*** DATA RECORDS ***

(* Let $k_{11}>0$, $k_{22}>0$, $\mathbf{K}=\mathrm{diag}(k_{11},k_{22})$, $\mathbf{N}=\begin{pmatrix}0&\nu\\-\nu&0\end{pmatrix}$ with $\nu\in\mathbb{R}$, and let $\mathbf{D}'=\begin{pmatrix} d'_{11}&d'_{12}\\ d'_{12}&d'_{22}\end{pmatrix}$ be real symmetric positive definite. For $\varepsilon>0$ let $\nu^2_{\varepsilon}$ denote the supremum of those $\nu^2$ for which all roots of $\det(\lambda^2\mathbf{I}+\varepsilon\lambda\mathbf{D}'+\mathbf{K}+\mathbf{N})=0$ have negative real parts. Then: (i) $\lim_{\varepsilon\to0^+}\nu^2_\varepsilon=\nu_{cr}^2:=\dfrac{(k_{11}-k_{22})^2}{4}-\dfrac{(d'_{11}-d'_{22})^2(k_{11}-k_{22})^2}{4(d'_{11}+d'_{22})^2}$; (ii) in the undamped case, all roots of $\det(\lambda^2\mathbf{I}+\mathbf{K}+\mathbf{N})=0$ are purely imaginary and simple if and only if $\nu^2<\nu_0^2:=\dfrac{(k_{11}-k_{22})^2}{4}=\left(\dfrac{\mathrm{tr}\,\mathbf{K}}{2}\right)^2-\det\mathbf{K}$; (iii) $\nu_0^2-\nu_{cr}^2=\left[\dfrac{2\,\mathrm{tr}(\mathbf{K}\mathbf{D}')-\mathrm{tr}\,\mathbf{K}\,\mathrm{tr}\,\mathbf{D}'}{2\,\mathrm{tr}\,\mathbf{D}'}\right]^2\ge0$.
   Context: $\mathbf{I}$ denotes the $2\times2$ identity matrix; $\mathrm{tr}$ denotes the trace. *)

From Stdlib Require Import Reals List.
Import ListNotations.
Open Scope R_scope.
Lemma field_degreeC_dimv (k : fieldType) (L : fieldExtType k)
    (f : {rmorphism L -> algC}) (E F : algC -> Prop) (Ep Fp : {subfield L}) n :
  (forall x, x \in Ep <-> E (f x)) -> (forall x, x \in Fp <-> F (f x)) ->
  subfieldC F -> (forall y, E y -> exists x, y = f x) -> (forall x, F x -> E x) ->
  field_degreeC F E n -> \dim Ep = (n * \dim Fp)%N.
Proof.
move=> EpE FpF sfF fL FE [b [Eb spanb freeb]].
have /fin_all_exists[b' Db'] i : exists x, b i = f x by apply/fL/Eb.
have b'_neq0 i : b' i != 0.
  apply/eqP=> b'i0; have Fdelta j : F (j == i)%:R by apply: subfieldC_nat.
  suff /(freeb _ Fdelta)/(_ i)/eqP : \sum_j (j == i)%:R * b j = 0.
    by rewrite eqxx oner_eq0.
  rewrite (bigD1 i) //= big1 => [|j /negPf->]; last by rewrite mul0r.
  by rewrite eqxx mul1r addr0 Db' b'i0 rmorph0.
have defEp : Ep = (\sum_i Fp * <[b' i]>)%VS :> {vspace L}.
  apply/eqP; rewrite eqEsubv; apply/andP; split; last first.
    apply/subv_sumP => i _; apply: prodv_sub; last by rewrite -memvE EpE -Db'.
    by apply/subvP => x /FpF /FE /EpE.
  apply/subvP => x /EpE /spanb[c [Fc Dx]].
  have /fin_all_exists[c' Dc'] i : exists y, c i = f y by apply/fL/FE.
  have -> : x = \sum_i c' i * b' i.
    apply: (fmorph_inj f); rewrite Dx rmorph_sum; apply: eq_bigr => i _.
    by rewrite rmorphM -Dc' -Db'.
  apply: memv_sumr => i _; rewrite memv_mul ?memv_line //.
  by apply/FpF; rewrite -Dc'.
rewrite defEp; have /directvP/= -> : directv (\sum_i Fp * <[b' i]>).
  apply/directv_sum_independent => u Fpb'u sum_u0 i _.
  have /fin_all_exists2[c Fpc Du] j : exists2 c, c \in Fp & u j = c * b' j.
    by have /memv_cosetP[c Fpc ->] := Fpb'u j isT; exists c.
  have Ffc j : F (f (c j)) by apply/FpF.
  apply/eqP; rewrite Du mulf_eq0 -(fmorph_eq0 f) (freeb _ Ffc) ?eqxx //.
  transitivity (f (\sum_j u j)); last by rewrite sum_u0 rmorph0.
  rewrite rmorph_sum.
  by apply: eq_bigr => j _; rewrite Du rmorphM Db'.
rewrite (eq_bigr (fun _ => \dim Fp)) => [|i _].
  by rewrite sum_nat_const card_ord.
by rewrite dim_cosetv_unit // unitfE.
Qed.

Lemma inertia_Ind_irr (gT : finGroupType) (G H : {group gT}) (s : Iirr H) :
  (H <| G)%g -> ('I_G['chi_s] = H)%g -> 'Ind[G] 'chi_s \in irr G.
Proof.
move=> nsHG /group_inj IsH; have [] := constt_Inertia_bijection s nsHG.
by rewrite IsH cfInd_id => -> //; rewrite constt_irr !inE.
Qed.

Lemma irr_sum_eq (gT : finGroupType) (G : {group gT}) (J : finType)
    (phi psi : J -> 'CF(G)) :
    (forall j, phi j \in irr G) -> (forall j, psi j \in irr G) ->
  \sum_j phi j = \sum_j psi j -> forall i, exists j, phi i = psi j.
Proof.
move=> phi_irr psi_irr eq_sum i.
have /fin_all_exists[k Dk] j : exists k, phi j = 'chi_k by apply/irrP.
have /fin_all_exists[k' Dk'] j : exists k, psi j = 'chi_k by apply/irrP.
have: '[phi i, \sum_j psi j] != 0.
  rewrite -eq_sum cfdot_sumr (bigD1 i) // Dk cfdot_irr eqxx lt0r_neq0 //.
  by rewrite ltr_pwDl ?ltr01 // sumr_ge0 // => j _; rewrite !Dk cfdot_irr ler0n.
rewrite cfdot_sumr => nz_dot; have [j] : exists j, '[phi i, psi j] != 0.
  apply/existsP; apply: contraR nz_dot => /existsPn zero_dot.
  by apply/eqP/big1 => j _; apply/eqP/negbNE/zero_dot.
by rewrite Dk Dk' cfdot_irr pnatr_eq0 eqb0 negbK => /eqP->; exists j.
Qed.

Section WreathProduct.
Variables (gT : finGroupType) (G : {group gT}) (I : finGroupType).
Local Notation fT := {dffun forall i : I, (fun _ => gT) i}.
Local Notation delta i := (@dfung1 I (fun _ => gT) i).

Definition wreath_base : {group fT} := setXn_group (fun _ : I => G).

Lemma in_wreath_base f : (f \in wreath_base) = [forall i, f i \in G].
Proof. by rewrite inE. Qed.

Definition wreath_shift (f : fT) t : fT := [ffun i => f (i * t^-1)%g].
Lemma desingularized_lc_assoc T1 T2 x1 x2 g1 g2 : desing T1 -> desing T2 ->
  size T1 = size T2 -> primitive g1 -> primitive g2 ->
  lead_coef T1 = x1 *: g1 -> lead_coef T2 = x2 *: g2 ->
  exists2 u, u \is a GRing.unit & g1 = u *: g2.
Proof.
move=> [T10 [cont1 [c1 [m1 [ps1 [es1 [lcE1 _ irr1 _ [a1 [b1 [ks1 [b10 bound1 nonrem1]]]]]]]]]]].
move=> [T20 [cont2 [c2 [m2 [ps2 [es2 [lcE2 _ irr2 _ [a2 [b2 [ks2 [b20 bound2 nonrem2]]]]]]]]]]].
move=> sz pg1 pg2 lc1 lc2.
have pPi1 := primitive_prod_irreducible (ks := ks1) irr1.
have pPi2 := primitive_prod_irreducible (ks := ks2) irr2.
set Pi1 := \prod_(i < m1) _ in pPi1 bound1; set Pi2 := \prod_(i < m2) _ in pPi2 bound2.
move: (primitive_neq0 pPi1) (primitive_neq0 pPi2) => Pi10 Pi20.
have {}bound1 := (lc_boundP _ _ b10 Pi10).1 bound1.
have {}bound2 := (lc_boundP _ _ b20 Pi20).1 bound2.
have a20 := lc_bound_numer_neq0 T20 b20 Pi20 bound2.
have Pi21 := lc_bound_dvdr_prod lcE1 irr1 nonrem1 T20 cont2 b20 pPi2 bound2.
have [s Pi2E] := lc_bound_dvdr_prod lcE2 irr2 nonrem2 T10 cont1 b10 pPi1 bound1.
rewrite -/Pi1 -/Pi2 in Pi21 Pi2E.
have [s0 sE] : exists s0, s = s0%:P.
  by apply: unit_polyC; apply: (mul_dvdr_unit Pi10); rewrite -Pi2E.
have x10 : x1 != 0.
  by apply: contraTneq T10 => x10; rewrite negbK -lead_coef_eq0 lc1 x10 scale0r.
have E : shifted_lc T1 * (b1 * a2)%:P = shifted_lc T2 * (b2 * s0 * a1)%:P.
  apply: (mulIf Pi10); transitivity (a1%:P * lead_coef L * a2%:P).
    by rewrite -bound1 polyCM; ring.
  transitivity (a2%:P * lead_coef L * a1%:P); first ring.
  by rewrite -bound2 Pi2E sE !polyCM; ring.
apply: (@primitive_scale_eq _ hPID (x1 * (b1 * a2)) (x2 * (b2 * s0 * a1)) _ _ pg1 pg2).
  by rewrite !mulf_neq0.
apply: (sigma_int_inj (tau := tau) hgamma (n := (size L).-1%:Z - (size T1).-1%:Z)).
rewrite /shifted_lc -sz lc1 lc2 !sigma_intZ in E *; rewrite -!mul_polyC !polyCM in E *.
by transitivity (x1%:P * sigma_n ((size L).-1%:Z - (size T1).-1%:Z) g1 * (b1%:P * a2%:P));
  [ring | rewrite E; ring].
Qed.
(* For each $\otimes\in\{\mathrm{del},\mathrm{add},\mathrm{edit}\}$, $\textsc{RM}^{\otimes}_{\mathrm{basic}}(aa)\subseteq\mathrm{TC}^0$; i.e. for every sentence $\phi=\forall x\forall y\,\psi$ with $\psi$ quantifier-free over $\{E\}$, $\textsc{RM}^{\otimes}_{\mathrm{basic}}(\phi)\in\mathrm{TC}^0$.
   Context: A basic graph is $(V,E)$ with $E\subseteq V\times V$ symmetric and irreflexive. For $S\subseteq V\times V$, $\|S\|=|\{\{u,v\}:(u,v)\in S\}|$. For a first-order sentence $\phi$ over $\{E\}$, $\textsc{RM}^{\mathrm{edit}}_{\mathrm{basic}}(\phi)$: given a basic graph $(V,E)$ and $k\in\mathbb N$, is there $S$ with $\|S\|\le k$ such that $(V,E\triangle S)$ is a basic graph satisfying $\phi$; del (resp. add) versions require $S\subseteq E$ (resp. $S\cap E=\emptyset$). $\mathrm{TC}^0$: problems decided by constant-depth polynomial-size unbounded fan-in circuits with and/or/not and threshold gates. *)

From mathcomp Require Import all_boot.
Set Implicit Arguments. Unset Strict Implicit. Unset Printing Implicit Defensive.

(* Variables are de Bruijn indices: FAll/FEx bind index 0. *)
Inductive form : Type :=
| FE  : nat -> nat -> form
| FEq : nat -> nat -> form
| FNot : form -> form
| FAnd : form -> form -> form
| FOr  : form -> form -> form
| FAll : form -> form
| FEx  : form -> form.

(* satisfaction in the structure (V, E) under the assignment env : seq V,
   where variable i denotes the i-th entry of env (atoms mentioning an
   unassigned variable are false; this never happens for sentences). *)
Fixpoint sat (V : Type) (E : V -> V -> bool) (env : seq V) (f : form) : Prop :=
  match f with
  | FE i j => match onth env i, onth env j with
              | Some u, Some v => E u v | _, _ => False end
  | FEq i j => match onth env i, onth env j with
              | Some u, Some v => u = v | _, _ => False end
  | FNot g => ~ sat E env g
  | FAnd g h => sat E env g /\ sat E env h
  | FOr g h => sat E env g \/ sat E env h
  | FAll g => forall v : V, sat E (v :: env) g
  | FEx g => exists v : V, sat E (v :: env) g
  end.

Fixpoint bounded (n : nat) (f : form) : bool :=
  match f with
  | FE i j | FEq i j => (i < n) && (j < n)
  | FNot g => bounded n g
  | FAnd g h | FOr g h => bounded n g && bounded n h
  | FAll g | FEx g => bounded n.+1 g
  end.

Definition sentence (f : form) : bool := bounded 0 f.

Fixpoint qfree (f : form) : bool :=
  match f with
  | FE _ _ | FEq _ _ => true
  | FNot g => qfree g
  | FAnd g h | FOr g h => qfree g && qfree h
  | FAll _ | FEx _ => false
  end.

Definition is_aa (phi : form) : Prop :=
  exists psi, phi = FAll (FAll psi) /\ qfree psi.

Definition basic (V : finType) (E : {set V * V}) : Prop :=
  (forall u v, (u, v) \in E -> (v, u) \in E) /\ (forall u, (u, u) \notin E).

(* ||S|| = number of unordered pairs {u,v} with (u,v) in S *)
Definition normS (V : finType) (S : {set V * V}) : nat :=
  #|[set [set p.1; p.2] | p in S]|.

Definition models (V : finType) (E : {set V * V}) (phi : form) : Prop :=
  sat (fun u v => (u, v) \in E) [::] phi.

Inductive mode := Del | Add | Edit.

Definition RM (m : mode) (phi : form) (V : finType) (E : {set V * V}) (k : nat) : Prop :=
  exists S : {set V * V},
    [/\ normS S <= k,
        match m with
        | Del => S \subset E
        | Add => [disjoint S & E]
        | Edit => True
        end,
        basic ((E :\: S) :|: (S :\: E))
      & models ((E :\: S) :|: (S :\: E)) phi].

(* A wire reads either input bit i (inl i) or the value of gate j (inr j);
   a gate may only read earlier gates (later/absent gates read as false). *)
Definition wire := (nat + nat)%type.

Inductive gate : Type :=
| GAnd : seq wire -> gate
| GOr  : seq wire -> gate
| GNot : wire -> gate
| GThr : nat -> seq wire -> gate.

Definition circuit := seq gate.

Definition wire_val (x : seq bool) (vals : seq bool) (w : wire) : bool :=
  match w with inl i => nth false x i | inr j => nth false vals j end.

Definition gate_val (x : seq bool) (vals : seq bool) (g : gate) : bool :=
  match g with
  | GAnd ws => all (wire_val x vals) ws
  | GOr ws => has (wire_val x vals) ws
  | GNot w => ~~ wire_val x vals w
  | GThr t ws => t <= count (wire_val x vals) ws
  end.

Definition gate_values (x : seq bool) (C : circuit) : seq bool :=
  foldl (fun vals g => rcons vals (gate_val x vals g)) [::] C.

Definition eval (C : circuit) (x : seq bool) : bool := last false (gate_values x C).

Definition wire_depth (ds : seq nat) (w : wire) : nat :=
  match w with inl _ => 0 | inr j => nth 0 ds j end.

Definition gate_depth (ds : seq nat) (g : gate) : nat :=
  match g with
  | GAnd ws | GOr ws | GThr _ ws => (foldr maxn 0 (map (wire_depth ds) ws)).+1
  | GNot w => (wire_depth ds w).+1
  end.

Definition depth (C : circuit) : nat :=
  foldr maxn 0 (foldl (fun ds g => rcons ds (gate_depth ds g)) [::] C).

Definition gate_fanin (g : gate) : nat :=
  match g with GAnd ws | GOr ws | GThr _ ws => size ws | GNot _ => 1 end.

Definition csize (C : circuit) : nat := size C + sumn (map gate_fanin C).

(* A graph on V = 'I_n is given by its adjacency matrix (row-major, n*n bits),
   followed by k in binary with b bits (least significant bit first). *)
Definition enc (n b : nat) (E : {set 'I_n * 'I_n}) (k : nat) : seq bool :=
  [seq (i, j) \in E | i <- enum 'I_n, j <- enum 'I_n] ++
  [seq odd (k %/ 2 ^ i) | i <- iota 0 b].

(* A graph problem with numeric parameter is in (non-uniform) TC^0 if there are
   constants d, c and, for every n and bit-length b, a threshold circuit of
   depth <= d and size <= c * (N+1)^c, N = n*n + b the input length, deciding
   the problem on all basic graphs on n vertices and all k < 2^b. *)
Definition in_TC0 (P : forall n : nat, {set 'I_n * 'I_n} -> nat -> Prop) : Prop :=
  exists d c : nat, forall n b : nat, exists C : circuit,
    [/\ depth C <= d, csize C <= c * (n * n + b).+1 ^ c
      & forall (E : {set 'I_n * 'I_n}) (k : nat), basic E -> k < 2 ^ b ->
          (eval C (enc b E k) = true <-> P n E k)].

From mathcomp Require Import all_boot zify.
Set Implicit Arguments. Unset Strict Implicit. Unset Printing Implicit Defensive.

(* On a basic graph a quantifier-free psi(x, y) only observes whether x = y and
   whether xy is an edge, so among basic graphs on n vertices the sentence
   forall x forall y psi either has a constant truth value, or holds only in the
   complete graph, or holds only in the edgeless graph.  Reaching the unique target
   graph costs exactly its number of missing (resp. superfluous) edges, all of which
   are additions (resp. deletions); so every instance reduces to a constant or to
   comparing an edge count c with k (or with 0 when the needed edits are forbidden).
   Such a comparison is one threshold gate after a layer of negations:
   c <= k iff (P - c) + k >= P, where P is the number of vertex pairs. *)

Fixpoint qf_truth (psi : form) (same adj : bool) : bool :=
  match psi with
  | FE i j => (i != j) && adj
  | FEq i j => (i == j) || same
  | FNot g => ~~ qf_truth g same adj
  | FAnd g h => qf_truth g same adj && qf_truth h same adj
  | FOr g h => qf_truth g same adj || qf_truth h same adj
  | FAll _ | FEx _ => false
  end.

Lemma sat_qf_truth (V : finType) (E : {set V * V}) psi u v :
  basic E -> qfree psi -> bounded 2 psi ->
  sat (fun a b => (a, b) \in E) [:: u; v] psi <-> qf_truth psi (u == v) ((u, v) \in E).
Proof.
move=> [E_sym E_irr]; elim: psi => //=.
- move=> i j _ /andP[lt_i lt_j].
  have symE : ((v, u) \in E) = ((u, v) \in E) by apply/idP/idP => /E_sym.
  by case: i lt_i => [|[|i]] // _; case: j lt_j => [|[|j]] // _ /=;
    rewrite ?symE ?(negbTE (E_irr u)) ?(negbTE (E_irr v)).
- move=> i j _ /andP[lt_i lt_j].
  by case: i lt_i => [|[|i]] // _; case: j lt_j => [|[|j]] // _ /=;
    split => [->|/eqP ->].
- by move=> g IH qf_g b_g; rewrite IH //; split => [/negP|/negP].
- move=> g IHg h IHh /andP[qf_g qf_h] /andP[b_g b_h].
  by rewrite IHg // IHh //; split => [[-> ->]|/andP].
- move=> g IHg h IHh /andP[qf_g qf_h] /andP[b_g b_h].
  by rewrite IHg // IHh //; split => [[->|->]|/orP]; rewrite ?orbT.
Qed.

Lemma models_aa (V : finType) (E : {set V * V}) psi :
  basic E -> qfree psi -> bounded 2 psi ->
  models E (FAll (FAll psi)) <->
  forall u v, if u == v then qf_truth psi true false
              else if (u, v) \in E then qf_truth psi false true
              else qf_truth psi false false.
Proof.
move=> E_basic qf_psi b_psi.
have qf_pair u v : qf_truth psi (u == v) ((u, v) \in E) =
    if u == v then qf_truth psi true false
    else if (u, v) \in E then qf_truth psi false true else qf_truth psi false false.
  by case: eqP => [->|_]; [rewrite (negbTE (E_basic.2 v)) | case: (_ \in _)].
rewrite /models /=; split => [sat_all u v | all_pairs v u].
  by rewrite -qf_pair; apply/sat_qf_truth.
by apply/sat_qf_truth => //; rewrite qf_pair.
Qed.

Definition complete n : {set 'I_n * 'I_n} := [set p : 'I_n * 'I_n | p.1 != p.2].

Lemma models_aa_cases n psi : qfree psi -> bounded 2 psi ->
  [\/ exists c : bool,
        forall E : {set 'I_n * 'I_n}, basic E -> models E (FAll (FAll psi)) <-> c,
      forall E : {set 'I_n * 'I_n}, basic E -> models E (FAll (FAll psi)) <-> E = complete n
    | forall E : {set 'I_n * 'I_n}, basic E -> models E (FAll (FAll psi)) <-> E = set0].
Proof.
move=> qf_psi b_psi.
case loop: (qf_truth psi true false); last first.
  apply: Or31; exists (n == 0) => E E_basic; rewrite models_aa // loop.
  split=> [all_pairs | /eqP n0 u]; last by have := ltn_ord u; rewrite {2}n0.
  case: (posnP n) => // n_gt0.
  by have := all_pairs (Ordinal n_gt0) (Ordinal n_gt0); rewrite eqxx.
case adj: (qf_truth psi false true); case nonadj: (qf_truth psi false false).
- apply: Or31; exists true => E E_basic; rewrite models_aa //.
  by split=> // _ u v; rewrite adj nonadj; case: eqP; case: ((u, v) \in E).
- apply: Or32 => E E_basic; rewrite models_aa // adj nonadj.
  split=> [all_pairs | -> u v]; last by rewrite inE; case: eqP.
  apply/setP => -[u v]; rewrite inE /=; have := all_pairs u v.
  by case: eqP => [-> _|_]; [rewrite (negbTE (E_basic.2 v)) | case: (_ \in _)].
- apply: Or33 => E E_basic; rewrite models_aa // adj nonadj.
  split=> [all_pairs | -> u v]; last by rewrite inE; case: eqP.
  apply/setP => -[u v]; rewrite inE /=; have := all_pairs u v.
  by case: eqP => [-> _|_]; [rewrite (negbTE (E_basic.2 v)) | case: (_ \in _)].
- apply: Or31; exists (n <= 1) => E E_basic; rewrite models_aa // adj nonadj.
  split=> [all_pairs | le_n1 u v].
    case: (leqP n 1) => // gt_n1.
    by have := all_pairs (Ordinal (ltnW gt_n1)) (Ordinal gt_n1); rewrite if_same.
  have -> : u = v by apply: ord_inj; move: (ltn_ord u) (ltn_ord v); lia.
  by rewrite eqxx.
Qed.
(* Let $\mathbb{F}\in\{\mathbb{R},\mathbb{C}\}$, let $A$ be an $n\times m$ matrix over $\mathbb{F}$, and let $p,q\in[1,\infty]$. Suppose $v\in\mathbb{F}^m$, $v\ne0$, is a maximizer of $\|Ax\|_q/\|x\|_p$ over nonzero $x\in\mathbb{F}^m$ such that (i) all nonzero components of $v$ have the same absolute value, and (ii) all nonzero components of $Av$ have the same absolute value. If $1<p<\infty$, or $p=1$ and $v\in K_1$, or $p=\infty$ and $v\in K_{-1}$, then $v$ is an eigenvector of $A^*A$.
   Context: $\|x\|_p$ is the Hölder $\ell_p$ norm. $A^*$ is the conjugate transpose. $K_1\subset\mathbb{F}^m$ is the set of vectors all of whose components have equal absolute values; $K_{-1}\subset\mathbb{F}^m$ is the set of vectors with at most one nonzero component. *)

From HB Require Import structures.
From mathcomp Require Import all_boot all_order all_algebra.
From mathcomp Require Import all_classical all_reals ereal exp.
From mathcomp Require Import complex.
Set Implicit Arguments. Unset Strict Implicit. Unset Printing Implicit Defensive.
Import Order.TTheory GRing.Theory Num.Theory.
Local Open Scope ring_scope.

Definition lp_of (R : realType) (p : \bar R) (m : nat) (a : 'I_m -> R) : R :=
  match p with
  | EFin r => (\sum_(i < m) a i `^ r) `^ r^-1
  | _ => \big[Num.max/0]_(i < m) a i
  end.
(* Let $s\ge1$ be an integer and let $(G,Z)$ be a monic plantation. Then there exist $X\subseteq Z$ and $Y\subseteq V(G)\setminus Z$ with $|X|<s$ and $|Y|<2s\cdot s!$ such that exploding the vertices in $X$ and deleting the (remaining) vertices in $Y$ yields a selfless plantation.
   Context: Graphs are finite and simple. Two subsets of $V(G)$ are anticomplete if they are disjoint and no edge joins them; subgraphs are anticomplete if their vertex sets are. $G$ is $s\mathcal{O}$-free if no $s$ cycles of $G$ are pairwise vertex-disjoint and pairwise anticomplete. A set $Z\subseteq V(G)$ is cycle-hitting if every cycle of $G$ has a vertex in $Z$. A plantation is a pair $(G,Z)$ where $G$ is an $s\mathcal{O}$-free graph and $Z\subseteq V(G)$ is cycle-hitting. Let $F=G\setminus Z$ (a forest) and $N$ the set of vertices of $V(G)\setminus Z$ with a neighbour in $Z$. $(G,Z)$ is monic if $Z$ is stable and every vertex of $N$ has exactly one neighbour in $Z$. A transition of $(G,Z)$ is a path of $F$ of length at least one with both ends in $N$ and no internal vertex in $N$; a vertex $z\in Z$ adjacent to an end of a transition $P$ is a foot of $P$. A self-transition is a transition with only one foot; $(G,Z)$ is selfless if it has no self-transition. Deleting a vertex $v\in V(G)\setminus Z$ produces the plantation $(G\setminus\{v\},Z)$. Exploding a vertex $v\in Z$ produces the plantation $(G',Z\setminus\{v\})$, where $G'$ is obtained from $G$ by deleting $v$ and all its neighbours in $V(G)\setminus Z$. *)

From mathcomp Require Import all_boot.
Set Implicit Arguments. Unset Strict Implicit. Unset Printing Implicit Defensive.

*** End of DATA RECORDS ***

### WORK REQUEST
Out of the material above, gather each line where "FAnd" appears.

### EXPECTED OUTPUT
| FAnd : form -> form -> form
  | FAnd g h => sat E env g /\ sat E env h
  | FAnd g h | FOr g h => bounded n g && bounded n h
  | FAnd g h | FOr g h => qfree g && qfree h
  | FAnd g h => qf_truth g same adj && qf_truth h same adj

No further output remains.